13. We have also gone through the agreement placed on record entered Between the petitioner-company and one Sh. B.R. Dutta. The Excise and Taxation Commissioner and the Financial Commissioner (Revenue) have quoted the terms and conditions of the agreement in verbatim and had come to a conclusion that the sales effected by the petitioner-company were not export, but they were inter-state sales and liable to be taxed. The Excise and Taxation Commissioner as well as the Financial Commissioner (Revenue) have not taken into consideration the essential ingredients how a sale in the course of export has to be construed. There was no sale by the petitioner-company to Mr. B.R. Dutta. These goods were actually exported to Sikkim, Bhutan and Nepal and the sale was integral part and parcel of the export. The role of Mr. B.R. Dutta was only of an agent and he cannot be termed as a purchaser. He at the most facilitated the process of export since there is no direct access by train to Nepal, Bhutan and Sikkim.

14. Now, the Court has to consider whether the forms 'C' were required to be issued by the Canteen Stores Department or not. We are convinced that the forms 'C and not forms 'D' were required to be issued and as a matter of fact the Excise and Taxation Commissioner had permitted the petitioner-company an opportunity to furnish forms 'C'.

The upshot of the above discussion is that:

(i) the company has made exports to Nepal, Bhutan and Sikkim after completing all the codal formalities. There were importer and exporter, who supplied the goods. There was no inter-state sale as has been held in the impugned orders;

(ii) the relationship of the petitioner-company with Mr. B.R. Dutta was of principal and agent and no sale has taken place in the State of West Bengal. The role of Mr. B.R. Dutta was to facilitate/canalize the export;

(iii) the bare perusal of the Annexures as discussed above i.e.

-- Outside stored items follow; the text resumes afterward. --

Lemma top_values_nonincr d n i j : (i <= j < n)%N ->
  (top_values d n)`_j <= (top_values d n)`_i.
Proof.
case/andP=> ij jn.
apply: (sorted_leq_nth ge_trans (@lexx _ _)) => //; first exact: sorted_top_values.
by rewrite inE size_top_values (leq_ltn_trans ij).
by rewrite inE size_top_values.
Qed.

Lemma top_values_ge0 d n k : (forall i, (i < n)%N -> 0 <= d i) ->
  0 <= (top_values d n)`_k.
Proof.
move=> d_ge0; have [kn|nk] := ltnP k n; last first.
  by rewrite nth_default // size_top_values.
rewrite (nth_map 0%N) ?size_decr_order //; apply: d_ge0.
by rewrite -(mem_decr_order d) mem_nth ?size_decr_order.
Qed.

Lemma top_sum0 d n : top_sum d n 0 = 0.
Proof. exact: big_ord0. Qed.

Lemma incr_top_sum d n k : incr (top_sum d n) k = (top_values d n)`_k.
Proof. by rewrite /incr /top_sum big_ord_recr /= addrAC subrr add0r. Qed.

Lemma top_sum_take d n k : (k <= n)%N ->
  top_sum d n k = \sum_(i <- take k (decr_order d n)) d i.
Proof.
move=> kn; rewrite -(big_map d xpredT idfun) map_take (big_nth 0) size_takel;
  last by rewrite size_top_values.
by rewrite big_mkord; apply: eq_bigr => i _; rewrite nth_take.
Qed.

Lemma sum_le_prefix_sum e n s : (forall i j, (i <= j < n)%N -> e j <= e i) ->
  uniq s -> all (gtn n) s -> \sum_(i <- s) e i <= \sum_(i < size s) e i.
Proof.
elim: n s => [|n IHn] s e_nonincr s_uniq s_lt.
  by case: s s_lt {s_uniq} => // _; rewrite big_nil big_ord0.
have e_nonincr' i j : (i <= j < n)%N -> e j <= e i.
  by case/andP=> ij jn; apply: e_nonincr; rewrite ij ltnW.
have [ns|ns] := boolP (n \in s); last first.
  apply: IHn => //; apply/allP => i si.
  have ni : i != n by apply: contraNneq ns => <-.
  by have := allP s_lt i si; rewrite /= ltnS leq_eqVlt (negbTE ni).
have rem_uniq := rem_uniq n s_uniq.
have rem_lt : all (gtn n) (rem n s).
  apply/allP => i; rewrite mem_rem_uniq // inE => /andP[ni si].
  by have := allP s_lt i si; rewrite /= ltnS leq_eqVlt (negbTE ni).
have size_rem_le : (size (rem n s) <= n)%N.
  have : {subset rem n s <= iota 0 n} by move=> i /(allP rem_lt); rewrite mem_iota.
  by move/(uniq_leq_size rem_uniq); rewrite size_iota.
have size_s : size s = (size (rem n s)).+1 := perm_size (perm_to_rem ns).
rewrite (perm_big _ (perm_to_rem ns)) size_s big_cons big_ord_recr.
set k := size (rem n s) in size_rem_le *; rewrite /= addrC.
by rewrite lerD ?(IHn _ e_nonincr') // e_nonincr // size_rem_le /=.
Qed.

Lemma le_top_sum d n s : uniq s -> all (gtn n) s ->
  \sum_(i <- s) d i <= top_sum d n (size s).
Proof.
move=> s_uniq s_lt; set order := decr_order d n.
have s_order i : i \in s -> i \in order by rewrite mem_decr_order => /(allP s_lt).
have -> : \sum_(i <- s) d i = \sum_(p <- [seq index i order | i <- s]) (top_values d n)`_p.
  rewrite big_map; apply: eq_big_seq => i si.
  by rewrite (nth_map 0%N) ?nth_index ?index_mem ?s_order.
rewrite -(size_map (index^~ order)); apply: sum_le_prefix_sum.
- by move=> i j; exact: top_values_nonincr.
- by rewrite map_inj_in_uniq // => i j /s_order io /s_order jo; exact: index_inj.
- apply/allP => _ /mapP[i si ->].
  by rewrite /= -[n](size_decr_order d) index_mem s_order.
Qed.

Lemma top_values_incr_top_sum d n : top_values (incr (top_sum d n)) n = top_values d n.
Proof.
set tv := top_values d n.
have map_iota : [seq incr (top_sum d n) i | i <- iota 0 n] = tv.
  by rewrite (eq_map (incr_top_sum d n)) -[in RHS](mkseq_nth 0 tv) size_top_values.
rewrite /top_values /decr_order sorted_sort ?map_iota //.
  by move=> j i k ij jk; exact: ge_trans ij jk.
by move: (sorted_top_values d n); rewrite -/tv -map_iota sorted_map.
Qed.

Lemma top_sum_incr_top_sum d n : top_sum (incr (top_sum d n)) n =1 top_sum d n.
Proof. by move=> k; rewrite /top_sum top_values_incr_top_sum. Qed.

End TopSum.

Section SetFunctions.
Variables (R : realType) (T : finType).
Implicit Types (v : {set T} -> R) (h : nat -> R) (A B : {set T}).

Lemma card_fun_homo v h : nondecreasing_setfun v -> (forall B, v B = h #|B|) ->
  forall k, (k < #|T|)%N -> h k <= h k.+1.
Proof.
move=> v_mono vE k kT; pose S j := [set x in take j (enum T)].
have card_S j : (j <= #|T|)%N -> #|S j| = j.
  by move=> jT; rewrite cardsE (card_uniqP (take_uniq _ (enum_uniq _))) size_takel -?cardE.
rewrite -{1}(card_S k (ltnW kT)) -(card_S k.+1 kT) -!vE; apply: v_mono.
apply/subsetP => x; rewrite !inE (take_nth x) -?cardE // mem_rcons inE => ->.
exact: orbT.
Qed.

Lemma card_concave_submodular v h : (forall B, v B = h #|B|) ->
  (forall i j, (i <= j < #|T|)%N -> incr h j <= incr h i) -> submodular_setfun v.
Proof.
move=> vE h_concave A B; rewrite !vE.
have incr_sum x p : h (x + p)%N - h x = \sum_(k < p) incr h (x + k)%N.
  elim: p => [|p IHp]; first by rewrite addn0 subrr big_ord0.
  by rewrite big_ord_recr -IHp addnS /incr /=; lra.
have AB_A : (#|A :&: B| <= #|A|)%N by rewrite subset_leq_card ?subsetIl.
set p := (#|A| - #|A :&: B|)%N.
have card_A : #|A| = (#|A :&: B| + p)%N by rewrite subnKC.
have card_AB : #|A :|: B| = (#|B| + p)%N.
  by have := cardsUI A B; rewrite card_A; lia.
suff : h (#|B| + p)%N - h #|B| <= h (#|A :&: B| + p)%N - h #|A :&: B|.
  by rewrite card_AB card_A; lra.
rewrite !incr_sum; apply: ler_sum => k _; apply: h_concave.
rewrite leq_add2r subset_leq_card ?subsetIr //=.
by rewrite (leq_trans _ (max_card (A :|: B))) // card_AB ltn_add2l.
Qed.

Lemma measure_sum1 (mu : {set T} -> R) A : is_measure mu ->
  mu A = \sum_(x in A) mu [set x].
Proof.
case=> mu0 _ muU.
suff mu_seq s : uniq s -> mu [set x in s] = \sum_(x <- s) mu [set x].
  by rewrite -big_enum -mu_seq ?enum_uniq //; congr mu; apply/setP => y; rewrite inE mem_enum.
elim: s => [_|a s IHs /andP[as_ s_uniq]].
  by rewrite big_nil -mu0; congr mu; apply/setP => y; rewrite !inE.
rewrite big_cons -IHs // -muU ?disjoints1 ?inE //.
by congr mu; apply/setP => y; rewrite !inE.
Qed.

End SetFunctions.

Section MaximalChains.
Variable T : finType.
Implicit Types (I : {set {set T}}) (A K : {set T}).

Lemma generates_powerset_separates I x y : generates_powerset I -> x != y ->
  exists2 K, K \in I & (x \in K) != (y \in K).
Proof.
move=> genI xy.
have [/exists_inP //|/exists_inPn no_sep] := boolP [exists K in I, (x \in K) != (y \in K)].
pose F := [set A : {set T} | (x \in A) == (y \in A)].
have F_full : F = [set: {set T}].
  apply: genI => [|A|A B]; rewrite ?inE.
  - by apply/subsetP => K /no_sep; rewrite inE negbK.
  - by move/eqP ->.
  - by move=> /eqP-> /eqP->.
have : [set x] \in F by rewrite F_full inE.
by rewrite !inE eqxx [y == x]eq_sym (negbTE xy).
Qed.

Lemma chain_subset_card I K K' : is_chain I -> K \in I -> K' \in I ->
  (#|K| <= #|K'|)%N -> K \subset K'.
Proof.
move=> chI KI K'I le_KK'; case/orP: (chI _ _ KI K'I) => // K'K.
by rewrite -(subset_leqif_card K'K).2 eqn_leq subset_leq_card.
Qed.

Lemma chain_card_inj I K K' : is_chain I -> K \in I -> K' \in I ->
  #|K| = #|K'| -> K = K'.
Proof.
move=> chI KI K'I eq_KK'; apply/eqP; rewrite eqEsubset.
by rewrite !(chain_subset_card chI) // eq_KK'.
Qed.

Lemma setU_closed_set1_full (F : {set {set T}}) : set0 \in F ->
  (forall x, [set x] \in F) -> (forall A B, A \in F -> B \in F -> A :|: B \in F) ->
  F = [set: {set T}].
Proof.
move=> F0 F_set1 F_union; apply/setP => A; rewrite inE.
have -> : A = \bigcup_(x in A) [set x].
  apply/setP => y; apply/idP/bigcupP => [yA|[x xA /set1P-> //]].
  by exists y; rewrite ?set11.
by apply: (big_ind (fun B => B \in F)) => // B C; exact: F_union.
Qed.

Section ChainRank.
Variable I : {set {set T}}.
Hypothesis sigI : in_Sigma I.

Definition chain_below x := [arg max_(K > set0 | (K \in I) && (x \notin K)) #|K|].

Lemma chain_belowP x :
  [/\ chain_below x \in I, x \notin chain_below x & chain_below x :|: [set x] \in I].
Proof.
have [chI I0 IT genI] := sigI; rewrite /chain_below.
case: arg_maxnP => [|J /andP[JI xJ] J_max]; first by rewrite I0 inE.
have [|J' /andP[J'I xJ'] J'_min] := @arg_minnP _ [set: T]
  (fun K => (K \in I) && (x \in K)) (fun K => #|K|); first by rewrite IT inE.
have sub_J K : K \in I -> x \notin K -> K \subset J.
  by move=> KI xK; apply: (chain_subset_card chI KI JI); apply: J_max; rewrite KI.
have J'_sub K : K \in I -> x \in K -> J' \subset K.
  by move=> KI xK; apply: (chain_subset_card chI J'I KI); apply: J'_min; rewrite KI.
suff -> : J :|: [set x] = J' by [].
apply/eqP; rewrite eqEsubset subUset sub1set xJ' andbT; apply/andP; split.
  apply: (chain_subset_card chI JI J'I); rewrite leqNgt; apply/negP.
  move/ltnW/(chain_subset_card chI J'I JI)/subsetP/(_ x xJ').
  by rewrite (negbTE xJ).
(* A point y <> x of J' is separated from x by some K in I, which lies either
   above J' or below J. *)
apply/subsetP => y yJ'; rewrite !inE; have [->|yx] := eqVneq y x; first by rewrite orbT.
have [K KI] := generates_powerset_separates genI yx.
have [xK|xK] := boolP (x \in K).
  by rewrite (subsetP (J'_sub K KI xK)).
move=> yK; rewrite (subsetP (sub_J K KI xK)) //.
by move: yK; case: (y \in K).
Qed.

Definition chain_rank x := #|chain_below x|.

Lemma card_chain_above x : #|chain_below x :|: [set x]| = (chain_rank x).+1.
Proof. by have [_ xJ _] := chain_belowP x; rewrite setUC cardsU1 xJ. Qed.

Lemma chain_rank_inj : injective chain_rank.
Proof.
have chI : is_chain I by case: sigI.
move=> x y eq_xy.
have [xI xJ xJI] := chain_belowP x; have [yI yJ yJI] := chain_belowP y.
have eq_below := chain_card_inj chI xI yI eq_xy.
have eq_above : chain_below x :|: [set x] = chain_below y :|: [set y].
  by apply: (chain_card_inj chI xJI yJI); rewrite !card_chain_above eq_xy.
have : x \in chain_below y :|: [set y] by rewrite -eq_above !inE eqxx orbT.
by rewrite !inE -eq_below (negbTE xJ) => /eqP.
Qed.

Lemma chain_rank_lt x : (chain_rank x < #|T|)%N.
Proof. by rewrite -card_chain_above max_card. Qed.

Lemma chain_measure_rank (R : realType) (v mu : {set T} -> R) (h : nat -> R) :
  (forall B, v B = h #|B|) -> is_mu_v_I v I mu ->
  forall B, mu B = \sum_(x in B) incr h (chain_rank x).
Proof.
move=> vE [mu_meas mu_v] B; rewrite (measure_sum1 _ mu_meas); apply: eq_bigr => x _.
have [xI xJ xJI] := chain_belowP x; have [_ _ muU] := mu_meas.
have disj : [disjoint chain_below x & [set x]] by rewrite disjoint_sym disjoints1.
move: (muU _ _ disj); rewrite (mu_v _ xJI) (mu_v _ xI) !vE card_chain_above.
by rewrite /incr => ->; rewrite addrAC subrr add0r.
Qed.

End ChainRank.
End MaximalChains.

Section RankChain.
Variables (T : finType) (rk : T -> nat).
Hypotheses (rk_inj : injective rk) (rk_lt : forall x, (rk x < #|T|)%N).

Definition rank_prefix k := [set x | (rk x < k)%N].

Definition rank_chain := [set rank_prefix k | k : 'I_#|T|.+1].

Lemma perm_rank : perm_eq [seq rk x | x <- enum T] (iota 0 #|T|).
Proof.
have rk_uniq : uniq [seq rk x | x <- enum T] by rewrite map_inj_uniq ?enum_uniq.
have rk_iota : {subset [seq rk x | x <- enum T] <= iota 0 #|T|}.
  by move=> _ /mapP[x _ ->]; rewrite mem_iota add0n rk_lt.
have size_le : (size (iota 0 #|T|) <= size [seq rk x | x <- enum T])%N.
  by rewrite size_iota size_map -cardE.
have [_ mem_eq] := uniq_min_size rk_uniq rk_iota size_le.
by apply: uniq_perm; rewrite ?iota_uniq.
Qed.

Lemma big_rank_prefix (V : Type) (idx : V) (op : Monoid.com_law idx) (F : nat -> V) k :
  (k <= #|T|)%N -> \big[op/idx]_(x in rank_prefix k) F (rk x) = \big[op/idx]_(i < k) F i.
Proof.
move=> kT; rewrite (eq_bigl (fun x => (x \in T) && (rk x < k)%N)) => [|x]; last by rewrite !inE.
rewrite -(big_image_cond _ _ rk T (fun i => i < k)%N F) (perm_big _ perm_rank).
by rewrite -(big_mkord xpredT) (big_nat_widen _ _ _ _ _ kT) /index_iota !subn0.
Qed.

Lemma card_rank_prefix k : (k <= #|T|)%N -> #|rank_prefix k| = k.
Proof. by move=> kT; rewrite -sum1_card (big_rank_prefix _ (fun=> 1%N) kT) sum1_card card_ord. Qed.

Lemma rank_prefix0 : rank_prefix 0 = set0.
Proof. by apply/setP => x; rewrite !inE. Qed.

Lemma rank_prefix_in k : (k <= #|T|)%N -> rank_prefix k \in rank_chain.
Proof. by move=> kT; apply/imsetP; exists (Ordinal (kT : (k < #|T|.+1)%N)). Qed.

Lemma rank_chain_is_chain : is_chain rank_chain.
Proof.
move=> _ _ /imsetP[i _ ->] /imsetP[j _ ->]; apply/orP.
have [ij|/ltnW ji] := leqP i j; [left|right]; apply/subsetP => x; rewrite !inE => rx.
  exact: leq_trans rx ij.
exact: leq_trans rx ji.
Qed.

Lemma rank_chain_generates : generates_powerset rank_chain.
Proof.
move=> F sub_F F_compl F_union.
have F_prefix k : (k <= #|T|)%N -> rank_prefix k \in F.
  by move=> kT; rewrite (subsetP sub_F) ?rank_prefix_in.
apply: setU_closed_set1_full => // [|x].
  by have := F_prefix 0%N (leq0n _); rewrite rank_prefix0.
have -> : [set x] = ~: (~: rank_prefix (rk x).+1 :|: rank_prefix (rk x)).
  apply/setP => y; rewrite !inE negb_or negbK -leqNgt ltnS -eqn_leq.
  by rewrite (inj_eq rk_inj).
apply: (F_compl); apply: (F_union); first apply: (F_compl).
  exact: F_prefix.
exact/F_prefix/ltnW.
Qed.

Lemma rank_chain_Sigma : in_Sigma rank_chain.
Proof.
split; [exact: rank_chain_is_chain | | | exact: rank_chain_generates].
  by rewrite -rank_prefix0 rank_prefix_in.
have -> : [set: T] = rank_prefix #|T| by apply/setP => x; rewrite !inE rk_lt.
by rewrite rank_prefix_in.
Qed.


Definition rank_measure (R : realType) (h : nat -> R) (B : {set T}) := \sum_(x in B) incr h (rk x).

Lemma rank_measure_mu (R : realType) (v : {set T} -> R) (h : nat -> R) :
  (forall B, v B = h #|B|) -> h 0%N = 0 -> (forall k, (k < #|T|)%N -> h k <= h k.+1) ->
  is_mu_v_I v rank_chain (rank_measure h).
Proof.
move=> vE h0 h_homo; split; first split.
- exact: big_set0.
- by move=> B; apply: sumr_ge0 => x _; rewrite subr_ge0 h_homo.
- move=> B C BC; rewrite /rank_measure -bigU //.
  by apply: eq_bigl => x; rewrite !inE.
move=> _ /imsetP[k _ ->]; have kT : (k <= #|T|)%N by rewrite -ltnS.
rewrite vE card_rank_prefix // /rank_measure (big_rank_prefix _ (incr h)) //.
by rewrite -(big_mkord xpredT) telescope_sumr // h0 subr0.
Qed.

End RankChain.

Annexures P-13 to P-21 suggest that the export was made by the petitioner-company;

(iv) the findings recorded by the Excise and Taxation Commissioner and upheld by the Financial Commissioner (Revenue) holding that there was inter-state sale are quashed and set aside;

(v) the orders passed by the assessing authority granting exemption to the petitioner are upheld; and

(vi) the sale to Canteen Stores Department is to be regulated on the basis of 'C' form.

15. Consequently, the writ petition is partly allowed as per observations made herein-above. Annexure P-2 dated 15.10.1998 is quashed and set aside to the extent whereby it has been held that the sales were inter-state sales and liable to be taxed. The petitioner-company is held entitled to the exemption for the assessment years 1968-69, 1969-70, 1970-71 and 1971-72. The findings recorded with regard to the supply of forms 'C' as directed by the Excise and Taxation Commissioner to the petitioner-company are upheld. There shall be no order as to costs.